All lines after the one containing "by rewrite lsupp" are needed, along with that line itself. Please repeat them exactly through the end of the entries.

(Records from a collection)
============================================================
Lemma motzkin_separating_dir (E L : {set 'I_m}) b j (z : 'cV[R]_n) :
    j \in L -> [disjoint E & L] -> motzkin_cond E L b ->
    (forall i, i \in j |: E -> (U *m z) i 0 = b i) ->
  exists d : 'cV[R]_n, (forall i, i \in E -> (U *m d) i 0 = 0) /\ (U *m d) j 0 != 0.
Proof.
move=> jL dEL M zE; have jE : j \notin E by rewrite (disjointFl dEL jL).
case: (separating_dir_or_linrel jE) => // -[l [kl lj lsupp]]; exfalso.
have lsupp' i : i \notin E -> i \notin L -> sg j * l i = 0.
  by move=> iE iL; rewrite lsupp ?mulr0 //; apply: contraNneq iL => ->.
have lsg i : i \in L -> 0 <= sg i * (sg j * l i).
  case: (eqVneq i j) => [-> | ij] iL; first by rewrite lj mulr1 sg2.
  by rewrite lsupp ?mulr0 ?(disjointFl dEL iL).
have [_ gt0] := M _ (linrelZ (sg j) kl) lsupp' lsg.
have lam_j : sg j * l j != 0 by rewrite lj mulr1 sg_neq0.
have := gt0 (ex_intro2 _ _ j jL lam_j).
rewrite (dotv_residual b z (linrelZ _ kl)) big1 ?ltxx // => i _.
case: (boolP (i \in j |: E)) => ijE; first by rewrite zE // subrr mulr0.
by move: ijE; rewrite !inE negb_or => /andP[ij iE]; rewrite lsupp // mulr0 mul0r.
Qed.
============================================================
● SOLUTION TO THE EXERCISE
  by rewrite lsupp ?mulr0 ?(disjointFl dEL iL).
have [_ gt0] := M _ (linrelZ (sg j) kl) lsupp' lsg.
have lam_j : sg j * l j != 0 by rewrite lj mulr1 sg_neq0.
have := gt0 (ex_intro2 _ _ j jL lam_j).
rewrite (dotv_residual b z (linrelZ _ kl)) big1 ?ltxx // => i _.
case: (boolP (i \in j |: E)) => ijE; first by rewrite zE // subrr mulr0.
by move: ijE; rewrite !inE negb_or => /andP[ij iE]; rewrite lsupp // mulr0 mul0r.
Qed.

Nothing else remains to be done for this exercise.